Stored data
Theorem mainTheorem12 (R : realType) (X : Type) (d : measure_display)
  (Y : measurableType d) (mu : {measure set Y -> \bar R}) (alpha : R)
  (tau : Y -> set (set X)) (phi : X -> X) (gamma : X * Y -> R) :
  1 < alpha ->
  (forall y, is_topology (tau y)) ->
  (forall y, cont_self (tau y) phi) ->
  bounded_fun2 gamma ->
  (forall y, cont_real (tau y) (fun x => gamma (x, y))) ->
  (forall x, measurable_fun setT (fun y => gamma (x, y))) ->
  (exists W : set Y, [/\ measurable W, (mu W < +oo)%E &
                        forall x y, ~ W y -> gamma (x, y) = 0]) ->
  exists ghat : X * Y -> R,
    (bounded_fun2 ghat /\
     (forall y, cont_real (tau y) (fun x => ghat (x, y))) /\
     (forall x, mu.-integrable setT (fun y => (ghat (x, y))%:E)) /\
     (forall x y, gamma (x, y) = ghat (phi x, y) - alpha * ghat (x, y))) /\
    (forall g : X * Y -> R,
      bounded_fun2 g ->
      (forall y, cont_real (tau y) (fun x => g (x, y))) ->
      (forall x, mu.-integrable setT (fun y => (g (x, y))%:E)) ->
      (forall x y, gamma (x, y) = g (phi x, y) - alpha * g (x, y)) ->
      g = ghat).
Proof.
move=> alpha_gt1 tau_top phi_cont [M0 gamma_bound] gamma_cont gamma_meas
  [W [mW muW gamma_supp]].
have alpha_gt0 : 0 < alpha := lt_trans ltr01 alpha_gt1.
have b_ge0 : 0 <= alpha^-1 by rewrite invr_ge0 ltW.
have b_lt1 : alpha^-1 < 1 by rewrite invf_lt1.
have M_ge0 : 0 <= `|M0| := normr_ge0 M0.
pose g y x := - gamma (x, y).
have g_bound y x : `|g y x| <= `|M0|.
  by rewrite normrN (le_trans (gamma_bound x y)) ?ler_norm.
pose ghat p := orbit_series alpha^-1 phi (g p.2) p.1.
pose B := alpha^-1 * `|M0| / (1 - alpha^-1).
have ghat_bound x y : `|ghat (x, y)| <= B.
  exact: (orbit_series_bound phi b_ge0 b_lt1 M_ge0 (g_bound y)).
have ghatE x y : gamma (x, y) = ghat (phi x, y) - alpha * ghat (x, y).
  rewrite [ghat (x, y)](orbit_seriesE phi b_ge0 b_lt1 M_ge0 (g_bound y)).
  by rewrite mulrA mulfV ?gt_eqF // mul1r /ghat /g /=; ring.
exists ghat; split; [split; [|split; [|split]] |] => //.
- by eexists; apply: ghat_bound.
- move=> y; apply: eps_continuous_cont_real (tau_top y) _.
  apply: (eps_continuous_orbit_series b_ge0 b_lt1 M_ge0 (g_bound y) (tau_top y) (phi_cont y)).
  exact/eps_continuousN/cont_real_eps_continuous.
- move=> x; apply: integrable_bounded_finite_support mW muW _ (ghat_bound x) _.
    have g_meas x' : measurable_fun setT (g^~ x') by apply: measurable_funN.
    exact: (measurable_orbit_series phi g_meas b_ge0 b_lt1 M_ge0 g_bound).
  move=> y nWy; apply: orbit_series_eq0 => x'.
  by rewrite /g gamma_supp ?oppr0.
move=> g' [C g'_bound] _ _ g'E; apply/funext => -[x y]; apply/subr0_eq.
apply: (@expanding_bounded_eq0 _ _ alpha (C + B) phi (fun z => g' (z, y) - ghat (z, y)))
  => // z.
- by rewrite (le_trans (ler_normB _ _)) ?lerD ?ghat_bound.
- have -> : g' (phi z, y) = gamma (z, y) + alpha * g' (z, y) by rewrite g'E; ring.
  by rewrite ghatE; ring.
Qed.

TASK BRIEF: Among the records above, a stretch begins at the line containing "(forall x, mu.-integrable setT (fun y => (g (x, y))%:E))" and ends at the line containing "by rewrite normrN". Restate that stretch word for word, and nothing else.

ANSWER AREA:
      (forall x, mu.-integrable setT (fun y => (g (x, y))%:E)) ->
      (forall x y, gamma (x, y) = g (phi x, y) - alpha * g (x, y)) ->
      g = ghat).
Proof.
move=> alpha_gt1 tau_top phi_cont [M0 gamma_bound] gamma_cont gamma_meas
  [W [mW muW gamma_supp]].
have alpha_gt0 : 0 < alpha := lt_trans ltr01 alpha_gt1.
have b_ge0 : 0 <= alpha^-1 by rewrite invr_ge0 ltW.
have b_lt1 : alpha^-1 < 1 by rewrite invf_lt1.
have M_ge0 : 0 <= `|M0| := normr_ge0 M0.
pose g y x := - gamma (x, y).
have g_bound y x : `|g y x| <= `|M0|.
  by rewrite normrN (le_trans (gamma_bound x y)) ?ler_norm.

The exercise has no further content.